Bio: Jie Tang is an associate professor with Department of Computer Science and Technology, Tsinghua University. His interests include social network analysis, data mining, and machine learning. He published more than 100 journal/conference papers and holds 10 patents. He served as PC Co-Chair of WSDM'15, ASONAM'15, ADMA'11, SocInfo'12, KDD-CUP Co-Chair of KDD'15, Poster Co-Chair of KDD'14, Workshop Co-Chair of KDD'13, Local Chair of KDD'12, Publication Co-Chair of KDD'11, and as the PC member of more than 50 international conferences. He is the principal investigator of National High-tech R&D Program (863), NSFC project, Chinese Young Faculty Research Funding, National 985 funding, and international collaborative projects with Minnesota University, IBM, Google, Nokia, Sogou, etc. He leads the project Arnetminer.org for academic social network analysis and mining, which has attracted millions of independent IP accesses from 220 countries/regions in the world. He was honored with the CCF Young Scientist Award, NSFC Excellent Young Scholar, and IBM Innovation Faculty Award.

 


Jian-Guang Lou, Software Analytics Group

Service Analytics: An Experience Report

Abstract: As online services become more and more popular, service quality management has become a critical task that aims to minimize the service downtime and to ensure high quality of the provided services. In practice, service management is conducted through analyzing a huge amount of monitoring data collected at runtime of a service. Such data-driven incident management faces several significant challenges such as the large data scale, complex problem space, and incomplete knowledge. To address these challenges, we carried out two-year software-analytics research where we designed a set of novel data-driven techniques and developed a set of industrial system, e.g., Service Analysis Studio (SAS), targeting real scenarios in large-scale online services of Microsoft. The techniques have been deployed to worldwide product datacenters and widely used by on-call engineers for service management. This talk shares our experience about using software analytics to solve engineers¡¯ pain points in service management, the developed data-analysis techniques, and the lessons learned from the process of research development and technology transfer.
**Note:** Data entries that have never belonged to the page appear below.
Lemma cauchy_schwarz_sqrt (R : rcfType) (n : nat) (x y : 'I_n -> R) :
  \sum_i x i * y i <= Num.sqrt (\sum_i x i ^+ 2) * Num.sqrt (\sum_i y i ^+ 2).
Proof.
rewrite -sqrtrM ?sum_sqr_ge0 //; apply: le_trans (ler_norm _) _.
rewrite -sqrtr_sqr ler_wsqrtr // -subr_ge0 -(pmulr_rge0 _ (ltr0n _ 2)).
by rewrite -lagrange_identity; apply: sumr_ge0 => i _; apply: sum_sqr_ge0.
Qed.

Lemma minkowski_sqrt (R : rcfType) (n : nat) (x y : 'I_n -> R) :
  Num.sqrt (\sum_i (x i + y i) ^+ 2) <=
  Num.sqrt (\sum_i x i ^+ 2) + Num.sqrt (\sum_i y i ^+ 2).
Proof.
rewrite -(ger0_norm (addr_ge0 (sqrtr_ge0 _) (sqrtr_ge0 _))) -sqrtr_sqr ler_wsqrtr //.
under eq_bigr do rewrite sqrrD.
rewrite !big_split /= sqrrD !sqr_sqrtr ?sum_sqr_ge0 //.
have := cauchy_schwarz_sqrt x y; lra.
Qed.

Lemma edist_triangle (R : realType) (d : nat) (v u w : 'rV[R]_d) :
  edist v w <= edist v u + edist u w.
Proof.
have := minkowski_sqrt (fun i => v 0 i - u 0 i) (fun i => u 0 i - w 0 i).
by under eq_bigr do rewrite addrA subrK.
Qed.

Lemma tstepE i j i' j' : tstep (i, j) (i', j') =
  [&& (i <= i' <= i.+1)%N, (j <= j' <= j.+1)%N & (i + j < i' + j')%N].
Proof. rewrite /tstep /= !xpair_eqE; apply/idP/idP; lia. Qed.

(* Unlike traversals, these paths may make stationary steps; this is what
   makes [reachable_comp] a plain double induction. *)
Inductive reachable (P : nat -> nat -> Prop) : nat -> nat -> Prop :=
| reachable0 : P 0%N 0%N -> reachable P 0 0
| reachableS i j i' j' : reachable P i j ->
    (i <= i' <= i.+1)%N -> (j <= j' <= j.+1)%N -> P i' j' -> reachable P i' j'.

Lemma reachable_path P p T : path tstep p T ->
  (forall q, q \in T -> P q.1 q.2) ->
  reachable P p.1 p.2 -> reachable P (last p T).1 (last p T).2.
Proof.
elim: T p => [|[i' j'] T IH] [i j] //= /andP [st pT] PT rp.
apply: (IH _ pT) => [q qT | /=]; first by apply: PT; rewrite inE qT orbT.
move: st; rewrite tstepE => /and3P [hi hj _].
exact: reachableS rp hi hj (PT _ (mem_head _ _)).
Qed.

Lemma reachable_traversal P m1 m2 T : is_traversal m1 m2 T ->
  (forall q, q \in T -> P q.1 q.2) -> reachable P m1.-1 m2.-1.
Proof.
case: T => [|p T] //= /and3P [/eqP p0 pT /eqP lT] PT.
have := reachable_path pT (fun q qT => PT q (predU1r _ _ qT)).
rewrite lT p0; apply; apply: reachable0.
by have := PT p (mem_head _ _); rewrite p0.
Qed.

Lemma traversal_reachable P i j : reachable P i j ->
  exists2 T, is_traversal i.+1 j.+1 T & forall q, q \in T -> P q.1 q.2.
Proof.
elim=> [P00 | {}i {}j i' j' _ [T tT PT] hi hj Pij].
  by exists [:: (0, 0)%N] => // q; rewrite inE => /eqP ->.
have [/andP [/eqP <- /eqP <-] | moved] := boolP ((i == i') && (j == j')).
  by exists T.
case: T tT PT => [|p T] //= /and3P [p0 pT /eqP lT] PT.
exists (p :: rcons T (i', j')) => [|q].
  by rewrite /= p0 rcons_path pT lT tstepE hi hj last_rcons eqxx /=; lia.
by rewrite -rcons_cons mem_rcons inE => /orP [/eqP -> // | /PT].
Qed.

Lemma reachable_comp P1 P2 i l j : reachable P1 i l -> reachable P2 l j ->
  reachable (fun i j => exists l, P1 i l /\ P2 l j) i j.
Proof.
set Q := fun i j => _.
have stay k : (k <= k <= k.+1)%N by rewrite leqnn leqnSn.
move=> H1; elim: H1 j => [P1_00 | {}i {}l i' l' _ IH1 hi hl P1_il'] j.
  have col0 l2 : reachable P2 l2 j -> l2 = 0%N -> reachable Q 0 j.
    elim=> [P2_00 _ | {}l2 j2 l'' j'' _ IH2 hl2 hj P2_lj l0].
      by apply: reachable0; exists 0%N.
    apply: (reachableS (IH2 _) (stay 0%N) hj); first lia.
    by exists l''; rewrite l0 in P2_lj *.
  by move=> H2; apply: col0 H2 _.
move=> H2; elim: H2 hl P1_il' => [P2_00 | l2 j2 l'' j'' H2 IH2 hl2 hj P2_lj] hl P1_il.
  have l0 : l = 0%N by lia.
  rewrite l0 in IH1.
  by apply: (reachableS (IH1 _ (reachable0 P2_00)) hi (stay 0%N)); exists 0%N.
have Q_ij : Q i' j'' by exists l''.
have [l_l'' | l_l''] := eqVneq l l''.
  rewrite l_l'' in IH1.
  exact: reachableS (IH1 _ (reachableS H2 hl2 hj P2_lj)) hi (stay _) Q_ij.
have [l2_l'' | l2_l''] := eqVneq l2 l''.
  rewrite -l2_l'' in hl P1_il.
  exact: reachableS (IH2 hl P1_il) (stay _) hj Q_ij.
have l2_l : l2 = l by lia.
by rewrite l2_l in H2; exact: reachableS (IH1 _ H2) hi hj Q_ij.
Qed.

Lemma reachableT i j : reachable (fun _ _ => True) i j.
Proof.
have stay k : (k <= k <= k.+1)%N by rewrite leqnn leqnSn.
have next k : (k <= k.+1 <= k.+1)%N by rewrite leqnSn leqnn.
elim: i j => [|i IHi] j; last exact: reachableS (IHi j) (next i) (stay j) I.
elim: j => [|j IHj]; first exact: reachable0.
exact: reachableS IHj (stay 0%N) (next j) I.
Qed.

Lemma traversal_exists m1 m2 : exists T, is_traversal m1 m2 T.
Proof. by have [T tT _] := traversal_reachable (reachableT m1.-1 m2.-1); exists T. Qed.

Lemma traversal_comp m1 m2 m3 T1 T2 :
  is_traversal m1 m2 T1 -> is_traversal m2 m3 T2 ->
  exists2 T, is_traversal m1 m3 T &
    forall q, q \in T -> exists l, (q.1, l) \in T1 /\ (l, q.2) \in T2.
Proof.
move=> tT1 tT2.
have r1 := @reachable_traversal (fun i l => (i, l) \in T1) _ _ _ tT1 (fun '(i, l) => id).
have r2 := @reachable_traversal (fun l j => (l, j) \in T2) _ _ _ tT2 (fun '(l, j) => id).
by have [T tT PT] := traversal_reachable (reachable_comp r1 r2); exists T.
Qed.

Lemma path_bounds p T : path tstep p T -> forall q, q \in p :: T ->
  (q.1 <= (last p T).1)%N /\ (q.2 <= (last p T).2)%N.
Proof.
elim: T p => [|r T IH] p /=; first by move=> _ q; rewrite inE => /eqP ->.
move=> /andP [st pT] q; rewrite inE => /orP [/eqP -> | qT]; last exact: IH.
have [] := IH r pT r (mem_head _ _).
by move: st; case: r {pT} => [i' j']; case: p => [i j]; rewrite tstepE /=; lia.
Qed.

Lemma path_size p T : path tstep p T -> ((last p T).2 <= p.2 + size T)%N.
Proof.
elim: T p => [|r T IH] p /=; first by rewrite addn0.
move=> /andP [st pT]; have := IH r pT.
by move: st; case: r {pT} => [i' j']; case: p => [i j]; rewrite tstepE /=; lia.
Qed.

Lemma traversal_bounds m1 m2 T : is_traversal m1 m2 T ->
  forall q, q \in T -> (q.1 <= m1.-1)%N /\ (q.2 <= m2.-1)%N.
Proof.
by case: T => [|p T] //= /and3P [_ pT /eqP lT] q /(path_bounds pT); rewrite lT.
Qed.

Lemma traversal_size m1 m2 T : is_traversal m1 m2 T -> (m2.-1 < size T)%N.
Proof.
case: T => [|p T] //= /and3P [/eqP p0 pT /eqP lT].
by have := path_size pT; rewrite lT p0.
Qed.

Section TopK.
Variable R : realDomainType.
Implicit Types (ds : seq R) (k : nat).

Definition topk k ds : R := \sum_(l < k) nth 0 (sort (fun x y : R => y <= x) ds) l.

Let ge_total : total (fun x y : R => y <= x).
Proof. by move=> x y; rewrite le_total. Qed.

Let ge_trans : transitive (fun x y : R => y <= x).
Proof. by move=> y x z xy yz; apply: le_trans yz xy. Qed.

Lemma nth_sort_mem ds l :
  (l < size ds)%N -> nth 0 (sort (fun x y : R => y <= x) ds) l \in ds.
Proof. by move=> h; rewrite -(mem_sort (fun x y : R => y <= x)) mem_nth // size_sort. Qed.

Lemma nth_sort_ge0 ds l :
  all (>= 0) ds -> 0 <= nth 0 (sort (fun x y : R => y <= x) ds) l.
Proof.
move=> /allP ds_ge0; have [l_lt | l_ge] := ltnP l (size ds).
  exact: ds_ge0 (nth_sort_mem l_lt).
by rewrite nth_default // size_sort.
Qed.

Lemma topk_ge0 k ds : all (>= 0) ds -> 0 <= topk k ds.
Proof. by move=> ds_ge0; apply: sumr_ge0 => l _; apply: nth_sort_ge0. Qed.

Lemma topk_le k ds M : 0 <= M -> all (<= M) ds -> topk k ds <= k%:R * M.
Proof.
move=> M_ge0 /allP ds_le.
rewrite (_ : k%:R * M = \sum_(l < k) M); last by rewrite sumr_const card_ord mulr_natl.
apply: ler_sum => l _; have [l_lt | l_ge] := ltnP l (size ds).
  exact: ds_le (nth_sort_mem l_lt).
by rewrite nth_default // size_sort.
Qed.

Lemma topk_const k ds c :
  all (pred1 c) ds -> (k <= size ds)%N -> topk k ds = k%:R * c.
Proof.
move=> /allP ds_c k_le.
rewrite (_ : k%:R * c = \sum_(l < k) c); last by rewrite sumr_const card_ord mulr_natl.
apply: eq_bigr => l _; apply/eqP/ds_c/nth_sort_mem.
exact: leq_trans (ltn_ord l) k_le.
Qed.

Lemma mem_le_topk k ds x : (0 < k)%N -> all (>= 0) ds -> x \in ds -> x <= topk k ds.
Proof.
case: k => // k _ ds_ge0 x_ds; rewrite /topk big_ord_recl /=.
apply: ler_wpDr; first by apply: sumr_ge0 => l _; apply: nth_sort_ge0.
set s := sort _ ds; rewrite -(mem_sort (fun x y : R => y <= x)) -/s in x_ds.
rewrite -(nth_index 0 x_ds).
have idx_lt : (index x s < size s)%N by rewrite index_mem.
apply: (sorted_leq_nth ge_trans lexx 0 (sort_sorted ge_total ds)) => //.
by rewrite inE (leq_ltn_trans (leq0n _) idx_lt).
Qed.

Lemma topk_seq1 k x : (0 < k)%N -> topk k [:: x] = x.
Proof.
case: k => // k _; rewrite /topk big_ord_recl big1 ?addr0 // => l _.
by rewrite nth_default.
Qed.

End TopK.

Section KDTWTriangle.
Variables (R : realType) (d : nat).
Implicit Types (s t u : curve R d) (T : seq (nat * nat)).

Definition vdist s t (p : nat * nat) : R :=
  edist (nth 0 (verts s) p.1) (nth 0 (verts t) p.2).

Lemma tcostE k s t T : tcost k s t T = topk k (map (vdist s t) T).
Proof. by []. Qed.

Lemma vdist_ge0 s t T : all (>= 0) (map (vdist s t) T).
Proof. by apply/allP => x /mapP [p _ ->]; apply: sqrtr_ge0. Qed.

Lemma vdist_le_tcost k s t T p : (0 < k)%N -> p \in T -> vdist s t p <= tcost k s t T.
Proof. by move=> k_gt0 pT; apply: mem_le_topk k_gt0 (vdist_ge0 _ _ _) (map_f _ pT). Qed.

Lemma kDTW_le_tcost k s t T : is_traversal (size (verts s)) (size (verts t)) T ->
  kDTW k s t <= tcost k s t T.
Proof.
move=> tT; apply: ge_inf; last by exists T.
by exists 0 => x [T' [_ ->]]; apply: topk_ge0 (vdist_ge0 _ _ _).
Qed.

Lemma lb_le_kDTW k s t x :
  (forall T, is_traversal (size (verts s)) (size (verts t)) T -> x <= tcost k s t T) ->
  x <= kDTW k s t.
Proof.
move=> x_le; apply: lb_le_inf => [|_ [T [tT ->]]]; last exact: x_le.
have [T tT] := traversal_exists (size (verts s)) (size (verts t)).
by exists (tcost k s t T), T.
Qed.

Lemma kDTW_le_tcost_comp k s t u T1 T2 : (0 < k)%N ->
  is_traversal (size (verts s)) (size (verts u)) T1 ->
  is_traversal (size (verts u)) (size (verts t)) T2 ->
  kDTW k s t <= k%:R * (tcost k s u T1 + tcost k u t T2).
Proof.
move=> k_gt0 tT1 tT2; have [T tT T_comp] := traversal_comp tT1 tT2.
apply: le_trans (kDTW_le_tcost k tT) _; apply: topk_le.
  by apply: addr_ge0; apply: topk_ge0 (vdist_ge0 _ _ _).
apply/allP => _ /mapP [[i j] /T_comp [l [il lj]] ->].
apply: le_trans (edist_triangle _ (nth 0 (verts u) l) _) _.
by apply: lerD; [exact: (vdist_le_tcost s u k_gt0 il) |
                 exact: (vdist_le_tcost u t k_gt0 lj)].
Qed.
Bio: Jian-Guang Lou is now a researcher in Software Analytics Group, Microsoft Research. Before he joined Microsoft Research in Sep. 2003., he obtained my Ph.D degree in the area of video tracking and pattern recognition from Institute of Automation, Chinese Academic of Sciences in 2003 , and Master degree from Zhejiang University in 2000 respectively. During the past decade, he has worked on a series of cross-discipline projects including multi-view video systems (multi-view video capturing, compressing and streaming over IP network), peer-to-peer streaming systems, and data mining for software systems. Recently, he mainly focused on the research of service analytics to help on-line service engineers to improve their daily productivity. Many of his works have been applied and deployed in Microsoft for online service management.